The first tunnel began construction on August 20, 1897, and was completed on December 20, 1900. The tunnel was 2.6 miles long. John Frank Stevens was the principal engineer on the interim switchback route (opened in 1893, with grades up to 4 percent) and the first Cascade Tunnel. Stevens Pass, located above the tunnels, was named after him.

The tunnel had a fume problem from the coal-burning steam locomotives.
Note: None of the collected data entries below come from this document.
(* In the setting below, let $M\in\mathcal M$ be a fixed model with $P_n(M)^{-1}e^{-\delta n}\to0$ as $n\to\infty$ for every $\delta>0$. Let $\tilde\theta^M_n=(\tilde\theta^M_{n,j})_{j=1}^p$ be an estimator (a function of $y_1,\dots,y_n$) that is unconditionally unbiased for $\theta^M_0$, and suppose there is a constant $C\in(0,\infty)$ such that for all $1\le j\le p$ and $n\ge1$ the distribution of $\sqrt n(\tilde\theta^M_{n,j}-\theta^M_{0,j})$ is sub-Gaussian with parameter $C$. Then for every $\varepsilon>0$, $$\lim_{n\to\infty}P\big(\|\tilde\theta^M_n-\theta^M_0\|_\infty>\varepsilon\,\big|\,S_n(\bar T_n)=M\big)=0.$$
   Context: Setting: $(y_i)_{i\ge1}$ are i.i.d. from a distribution $f^*$. $\{p_\theta:\theta\in\Theta\}$, $\Theta\subseteq\mathbb R^p$, is a regular exponential family with natural parameter $\theta$, sufficient statistic $T$, and log-likelihood $\ell_\theta(y)=\log p_\theta(y)$; $\bar T_n=n^{-1}\sum_{i=1}^nT(y_i)$. $\mathcal M$ is a countable set of submodels $M=\{p_\theta:\theta\in\Theta^M\}$, $\Theta^M\subseteq\Theta$. For each $n$, $S_n:\mathbb R^p\to\mathcal M$ is a model selection procedure applied to $\bar T_n$, and $P_n(M)=P_{f^*}(S_n(\bar T_n)=M)$ when $y_1,\dots,y_n$ are i.i.d. $f^*$. $f^*$ need not belong to any model. The target is $\theta^M_0=\arg\sup_{\theta\in\Theta^M}\mathbb E_{f^*}[\ell_\theta(y)]$ (assumed to exist). *)

From HB Require Import structures.
From mathcomp Require Import all_boot all_order all_algebra.
From mathcomp Require Import all_classical all_reals all_analysis.
Set Implicit Arguments. Unset Strict Implicit. Unset Printing Implicit Defensive.
Import Order.TTheory GRing.Theory Num.Theory.
Import numFieldNormedType.Exports.
Local Open Scope classical_set_scope.
Local Open Scope ring_scope.

Definition dotp (R : realType) (p : nat) (a b : 'rV[R]_p) : R :=
  \sum_(j < p) a 0 j * b 0 j.

Definition supnorm (R : realType) (p : nat) (v : 'rV[R]_p) : R :=
  \big[Num.max/0]_(j < p) `|v 0 j|.

Definition logpart (R : realType) (dY : measure_display) (Y : measurableType dY)
  (nu : {measure set Y -> \bar R}) (p : nat) (T : Y -> 'rV[R]_p) (th : 'rV[R]_p) : R :=
  ln (fine (\int[nu]_y (expR (dotp th (T y)))%:E)).

Definition loglik (R : realType) (dY : measure_display) (Y : measurableType dY)
  (nu : {measure set Y -> \bar R}) (p : nat) (T : Y -> 'rV[R]_p) (th : 'rV[R]_p) (y : Y) : R :=
  dotp th (T y) - logpart nu T th.

(* {p_theta : theta in Theta} is a regular (minimal, full, open) exponential
   family with natural parameter theta, sufficient statistic T, base measure nu:
   p_theta(y) = exp(theta . T(y) - A(theta)) d nu. *)
Definition regular_expfam (R : realType) (dY : measure_display) (Y : measurableType dY)
  (nu : {measure set Y -> \bar R}) (p : nat) (T : Y -> 'rV[R]_p) (Theta : set 'rV[R]_p) : Prop :=
  [/\ forall j, measurable_fun setT (fun y => T y 0 j),
      Theta = [set th | nu.-integrable setT (fun y => (expR (dotp th (T y)))%:E)],
      Theta !=set0,
      open Theta &
      (* minimality: the components of T are affinely independent *)
      forall (a : 'rV[R]_p) (c : R),
        {ae nu, forall y, dotp a (T y) = c} -> a = 0].

Definition mutually_independent (R : realType) (d : measure_display) (Omega : measurableType d)
  (P : probability Omega R) (dY : measure_display) (Y : measurableType dY)
  (y : nat -> Omega -> Y) : Prop :=
  forall (s : seq nat) (B : nat -> set Y), uniq s ->
    (forall i, measurable (B i)) ->
    fine (P (\big[setI/setT]_(i <- s) (y i @^-1` B i))) =
    \prod_(i <- s) fine (P (y i @^-1` B i)).

Definition subgaussian (R : realType) (d : measure_display) (Omega : measurableType d)
  (P : probability Omega R) (X : Omega -> R) (C : R) : Prop :=
  P.-integrable setT (EFin \o X) /\
  forall lam : R,
    (\int[P]_w (expR (lam * (X w - fine (\int[P]_v (X v)%:E))))%:E
       <= (expR (C ^+ 2 * lam ^+ 2 / 2))%:E)%E.

(* empirical mean of the sufficient statistic, \bar T_n (y_1..y_n are y 0 .. y (n-1)) *)
Definition Tbar (R : realType) (d : measure_display) (Omega : measurableType d)
  (dY : measure_display) (Y : measurableType dY) (p : nat) (T : Y -> 'rV[R]_p)
  (y : nat -> Omega -> Y) (n : nat) (w : Omega) : 'rV[R]_p :=
  n%:R^-1 *: \sum_(i < n) T (y i w).

From HB Require Import structures.
From mathcomp Require Import all_boot all_order all_algebra.
From mathcomp Require Import all_classical all_reals all_analysis.
From mathcomp Require Import measurable_realfun ring.
Set Implicit Arguments. Unset Strict Implicit. Unset Printing Implicit Defensive.
Import Order.TTheory GRing.Theory Num.Theory.
Import numFieldNormedType.Exports.
Local Open Scope classical_set_scope.
Local Open Scope ring_scope.

(** Each coordinate of [sqrt n (thetat_n - theta0)] is centered and
   sub-Gaussian with parameter [C], so the Chernoff bound and a union bound over
   the [p] coordinates give
   [P (||thetat_n - theta0||_oo > eps) <= 2 p exp (- eps^2 n / (2 C^2))].
   Bounding the conditional probability by [P(A_n) / P_n(M)], the hypothesis
   [P_n(M)^-1 e^(-delta n) -> 0] with [delta = eps^2 / (2 C^2)] concludes.
   Unbiasedness is only used to center the coordinates. *)

Lemma expR_two_sided_ge1 (R : realType) (lam t x : R) : 0 <= lam -> t < `|x| ->
  1 <= expR (- (lam * t)) * (expR (lam * x) + expR (- lam * x)).
Proof.
move=> lam0 tx.
have : 1 <= expR (- (lam * t)) * expR (lam * `|x|).
  by rewrite -expRD -expR0 ler_expR addrC subr_ge0 ler_wpM2l // ltW.
move/le_trans; apply; apply: ler_wpM2l; first exact: expR_ge0.
case: (ler0P x) => _; last by rewrite lerDl expR_ge0.
by rewrite mulrN -mulNr lerDr expR_ge0.
Qed.

(* The Chernoff exponent [- lam t + C^2 lam^2 / 2] at its minimiser [lam = t / C^2]. *)
Lemma chernoff_exponent (R : realType) (C t : R) : C != 0 ->
  - (t / C ^+ 2 * t) + C ^+ 2 * (t / C ^+ 2) ^+ 2 / 2 = - (t ^+ 2 / (2 * C ^+ 2)).
Proof. by move=> C0; field; rewrite C0. Qed.

Lemma supnorm_gt_exists (R : realType) (p : nat) (v : 'rV[R]_p) (eps : R) :
  0 <= eps -> eps < supnorm v -> exists j, eps < `|v 0 j|.
Proof.
move=> e0; rewrite /supnorm; elim/big_ind: _.
- by rewrite ltNge e0.
- by move=> x y hx hy; rewrite lt_max => /orP[/hx|/hy].
- by move=> j _ h; exists j.
Qed.

Section measure_union_bound.
Context d (T : measurableType d) (R : realType) (mu : {measure set T -> \bar R}).

Lemma measure_bigsetU_le n (F : 'I_n -> set T) : (forall j, measurable (F j)) ->
  (mu (\big[setU/set0]_(j < n) F j) <= \sum_(j < n) mu (F j))%E.
Proof.
move=> mF.
pose Q U e := measurable U /\ (mu U <= e)%E.
suff [] : Q (\big[setU/set0]_(j < n) F j) (\sum_(j < n) mu (F j)) by [].
apply: (big_ind2 Q); first by split; rewrite ?measure0.
- move=> U1 e1 U2 e2 [mU1 le1] [mU2 le2]; split; first exact: measurableU.
  exact: le_trans (measureU2 _ mU1 mU2) (leeD le1 le2).
- by move=> j _; split.
Qed.

Lemma measurable_supnorm p (f : T -> 'rV[R]_p) :
  (forall j, measurable_fun setT (fun w => f w 0 j)) ->
  measurable_fun setT (fun w => supnorm (f w)).
Proof.
move=> mf; rewrite /supnorm; elim: (index_enum _) => [|j s ih].
  by under eq_fun do rewrite big_nil; exact: measurable_cst.
under eq_fun do rewrite big_cons.
by apply: measurable_maxr => //; exact: measurableT_comp.
Qed.

Lemma measurable_fun_subr_coord p (f : T -> 'rV[R]_p) (v : 'rV[R]_p) :
  (forall j, measurable_fun setT (fun w => f w 0 j)) ->
  forall j, measurable_fun setT (fun w => (f w - v) 0 j).
Proof. by move=> mf j; under eq_fun do rewrite !mxE; exact: measurable_funB. Qed.

Lemma measurable_lt_fun (f : T -> R) (c : R) : measurable_fun setT f ->
  measurable [set w | c < f w].
Proof.
by move=> mf; rewrite -preimage_itvoy -[X in measurable X]setTI; exact: mf.
Qed.

Lemma measure_supnorm_gt_le p (f : T -> 'rV[R]_p) (eps : R) : 0 <= eps ->
  (forall j, measurable_fun setT (fun w => f w 0 j)) ->
  (mu [set w | eps < supnorm (f w)]%R <=
   \sum_(j < p) mu [set w | eps < `|f w 0 j|]%R)%E.
Proof.
move=> e0 mf.
have mFj j : measurable [set w | eps < `|f w 0 j|].
  by apply: measurable_lt_fun; exact: measurableT_comp.
have := measure_bigsetU_le mFj; apply: le_trans.
apply: le_measure; rewrite ?inE /=.
- by apply: measurable_lt_fun; exact: measurable_supnorm.
- exact: bigsetU_measurable.
- move=> w /(supnorm_gt_exists e0)[j hj].
  by rewrite (bigD1 j) //=; left.
Qed.

End measure_union_bound.

Section subgaussian_tail.
Context d (Omega : measurableType d) (R : realType) (P : probability Omega R).

Lemma subgaussian_tail (X : Omega -> R) (C t : R) :
  measurable_fun setT X -> subgaussian P X C -> C != 0 -> 0 <= t ->
  (P [set w | t < `|X w - fine (\int[P]_v (X v)%:E)|]%R <=
   (2 * expR (- (t ^+ 2 / (2 * C ^+ 2))))%:E)%E.
Proof.
move=> mX [_ mgf] C0 t0.
set m := fine _; set lam := t / C ^+ 2; set b := expR (C ^+ 2 * lam ^+ 2 / 2).
have lam0 : 0 <= lam by rewrite divr_ge0 ?sqr_ge0.
have mY : measurable_fun setT (fun w => X w - m) by exact: measurable_funB.
have mexp s : measurable_fun setT (fun w => expR (s * (X w - m))).
  by apply: measurableT_comp => //; exact: measurable_funM.
have mgfN : (\int[P]_w (expR (- lam * (X w - m)))%:E <= b%:E)%E.
  by have := mgf (- lam); rewrite sqrrN.
set A := [set w | _].
have mA : measurable A by apply: measurable_lt_fun; exact: measurableT_comp.
rewrite -(setIT A) -integral_indic //.
apply: (@le_trans _ _ (\int[P]_w
   (expR (- (lam * t)) * (expR (lam * (X w - m)) + expR (- lam * (X w - m))))%:E)%E).
  apply: ge0_le_integral => //.
  - by apply/measurable_EFinP; exact: measurable_indic.
  - by apply/measurable_EFinP; apply: measurable_funM => //; exact: measurable_funD.
  move=> w _; rewrite lee_fin indicE; case: (boolP (w \in A)) => [|_]; last first.
    by rewrite mulr_ge0 ?addr_ge0 ?expR_ge0.
  by rewrite inE => /(expR_two_sided_ge1 lam0).
under eq_integral do rewrite EFinM EFinD.
rewrite ge0_integralZl_EFin //; last 2 first.
- by move=> w _; rewrite adde_ge0 // lee_fin expR_ge0.
- by apply: emeasurable_funD; apply/measurable_EFinP.
rewrite ge0_integralD //;
  try by [move=> w _; rewrite lee_fin expR_ge0 | apply/measurable_EFinP].
rewrite -(chernoff_exponent t C0) -/lam -/b expRD mulrCA EFinM.
apply: lee_wpmul2l; first by rewrite lee_fin expR_ge0.
by rewrite mulr_natl mulr2n EFinD; exact: leeD (mgf lam) mgfN.
Qed.

Lemma fine_measureI_le (A B : set Omega) : measurable A -> measurable B ->
  fine (P (A `&` B)) <= fine (P A).
Proof.
move=> mA mB; have mAB := measurableI _ _ mA mB.
by apply: fine_le; rewrite ?fin_num_measure //; apply: le_measure; rewrite ?inE.
Qed.

Lemma integral_scaled_centered (f : Omega -> R) (c s : R) :
  P.-integrable setT (fun w => (f w)%:E) -> (\int[P]_w (f w)%:E = c%:E)%E ->
  (\int[P]_w (s * (f w - c))%:E = 0)%E.
Proof.
move=> intf Ef.
have intc : P.-integrable setT (EFin \o cst c) by exact: finite_measure_integrable_cst.
under eq_integral do rewrite EFinM EFinB.
rewrite integralZl //; last exact: integrableB.
rewrite integralB_EFin // Ef.
have -> : (\int[P]_w (EFin \o cst c) w = c%:E)%E.
  by rewrite (integral_cst P measurableT c%:E) /= probability_setT mule1.
by rewrite subee // mule0.
Qed.

Lemma unbiased_subgaussian_supnorm_tail p (f : Omega -> 'rV[R]_p) (th0 : 'rV[R]_p)
    (s C eps : R) :
  (forall j, measurable_fun setT (fun w => f w 0 j)) ->
  (forall j, P.-integrable setT (fun w => (f w 0 j)%:E) /\
             (\int[P]_w (f w 0 j)%:E = (th0 0 j)%:E)%E) ->
  (forall j, subgaussian P (fun w => s * (f w 0 j - th0 0 j)) C) ->
  0 < s -> C != 0 -> 0 <= eps ->
  fine (P [set w | eps < supnorm (f w - th0)]) <=
    p%:R * (2 * expR (- ((s * eps) ^+ 2 / (2 * C ^+ 2)))).
Proof.
move=> mf unb sg s0 C0 e0.
set e := 2 * expR _.
have mdev := measurable_fun_subr_coord th0 mf.
rewrite -lee_fin fineK ?fin_num_measure //; last first.
  by apply: measurable_lt_fun; exact: measurable_supnorm.
apply: (le_trans (measure_supnorm_gt_le _ e0 mdev)).
apply: (@le_trans _ _ (\sum_(j < p) e%:E)%E); last first.
  by rewrite sumEFin sumr_const card_ord mulr_natl.
apply: lee_sum => j _.
have mX : measurable_fun setT (fun w => s * (f w 0 j - th0 0 j)).
  by apply: measurable_funM => //; exact: measurable_funB.
have := subgaussian_tail mX (sg j) C0 (mulr_ge0 (ltW s0) e0).
rewrite integral_scaled_centered; [|exact: (unb j).1|exact: (unb j).2].
congr (P _ <= _)%E; apply/seteqP; split=> w /=.
all: by rewrite !mxE subr0 normrM gtr0_norm // ltr_pM2l.
Qed.

End subgaussian_tail.

Theorem theorem3
  (R : realType) (d : measure_display) (Omega : measurableType d)
  (P : probability Omega R)
  (dY : measure_display) (Y : measurableType dY)
  (fstar : probability Y R)
  (y : nat -> Omega -> Y)
  (p : nat) (T : Y -> 'rV[R]_p) (nu : {measure set Y -> \bar R})
  (Theta : set 'rV[R]_p)
  (Mods : countType) (ThetaM : Mods -> set 'rV[R]_p)
  (S : nat -> 'rV[R]_p -> Mods)
  (M : Mods) (theta0 : 'rV[R]_p)
  (thetat : nat -> Omega -> 'rV[R]_p) (C : R) :
  (* i.i.d. sample from f^* *)
  (forall i, measurable_fun setT (y i)) ->
  mutually_independent P y ->
  (forall i (B : set Y), measurable B -> P (y i @^-1` B) = fstar B) ->
  (* regular exponential family and the countable collection of submodels *)
  regular_expfam nu T Theta ->
  (forall m, ThetaM m `<=` Theta) ->
  (* model selection events are events *)
  (forall n m, measurable [set w | S n (Tbar T y n w) = m]) ->
  (* theta0 = theta^M_0 = argsup_{theta in Theta^M} E_{f^*}[l_theta(y)] *)
  theta0 \in ThetaM M ->
  (forall th, th \in ThetaM M ->
     (\int[fstar]_u (loglik nu T th u)%:E <= \int[fstar]_u (loglik nu T theta0 u)%:E)%E) ->
  (* P_n(M)^{-1} e^{-delta n} -> 0 for every delta > 0 *)
  (\forall n \near \oo, 0 < fine (P [set w | S n (Tbar T y n w) = M])) ->
  (forall delta : R, 0 < delta ->
     (fun n : nat => (fine (P [set w | S n (Tbar T y n w) = M]))^-1
                      * expR (- (delta * n%:R))) @ \oo --> 0) ->
  (* the estimator is a measurable function of y_1, ..., y_n *)
  (forall n j, measurable_fun setT (fun w => thetat n w 0 j)) ->
  (forall n, exists g : ('I_n -> Y) -> 'rV[R]_p,
     forall w, thetat n w = g (fun i => y i w)) ->
  (* unconditionally unbiased for theta0 *)
  (forall n j, (0 < n)%N ->
     P.-integrable setT (fun w => (thetat n w 0 j)%:E) /\
     (\int[P]_w (thetat n w 0 j)%:E = (theta0 0 j)%:E)%E) ->
  (* uniform sub-Gaussianity of sqrt n (thetat_{n,j} - theta0_j) *)
  0 < C ->
  (forall n j, (0 < n)%N ->
     subgaussian P (fun w => Num.sqrt n%:R * (thetat n w 0 j - theta0 0 j)) C) ->
  forall eps : R, 0 < eps ->
    (fun n : nat =>
       fine (P ([set w | supnorm (thetat n w - theta0) > eps]
                `&` [set w | S n (Tbar T y n w) = M]))
       / fine (P [set w | S n (Tbar T y n w) = M])) @ \oo --> 0.
Proof.
move=> _ _ _ _ _ mS _ _ _ PMexp mth _ unb C0 sg eps e0.
have C0' : C != 0 by rewrite gt_eqF.
set delta := eps ^+ 2 / (2 * C ^+ 2).
have delta0 : 0 < delta by rewrite divr_gt0 ?exprn_gt0 ?mulr_gt0.
set PM := fun n => fine (P [set w | S n (Tbar T y n w) = M]).
apply: (@squeeze_cvgr _ _ _ _ (fun=> 0)
  (fun n => 2 * p%:R * ((PM n)^-1 * expR (- (delta * n%:R))))); last 2 first.
- exact: cvg_cst.
- by rewrite -(mulr0 (2 * p%:R)); exact: cvgM (cvg_cst _) (PMexp _ delta0).
near=> n.
have n0 : (0 < n)%N by near: n; exists 1%N.
have mB := mS n M.
set A := [set w | eps < supnorm (thetat n w - theta0)].
have mA : measurable A.
  by apply: measurable_lt_fun; exact/measurable_supnorm/measurable_fun_subr_coord.
have PMinv0 : 0 <= (PM n)^-1 by rewrite invr_ge0 fine_ge0.
rewrite divr_ge0 ?fine_ge0 //=.
have sn0 : 0 < Num.sqrt n%:R :> R by rewrite sqrtr_gt0 ltr0n.
have tail := unbiased_subgaussian_supnorm_tail (mth n) (fun j => unb n j n0)
  (fun j => sg n j n0) sn0 C0' (ltW e0).
apply: (le_trans (ler_wpM2r PMinv0 (fine_measureI_le P mA mB))).
apply: (le_trans (ler_wpM2r PMinv0 tail)).
have -> : (Num.sqrt n%:R * eps) ^+ 2 / (2 * C ^+ 2) = delta * n%:R.
  by rewrite exprMn sqr_sqrtr ?ler0n // /delta; ring.
by rewrite le_eqVlt; apply/orP; left; apply/eqP; ring.
Unshelve. all: by end_near.
Qed.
It was built with a 1.7% (1:58.8) gradient eastbound, which was too close to the ruling gradient of 2.2%. Because of the steepness of the line, the locomotives had to pull hard to make the grade and thus burn more coal, which would lead to immense smoke in the bore. The tunnel was electrified, with the project completed on July 10, 1909, eliminating the problem. The unusual system used was three-phase AC, 6600 volts at 25 Hz, from a 5 MW hydroelectric plant on the Wenatchee River just west of Leavenworth. The tunnel section only was electrified; 4.0 route miles (6.4 km) or 6.0 track miles (9.6 km) and 1.7 percent grade through the tunnel.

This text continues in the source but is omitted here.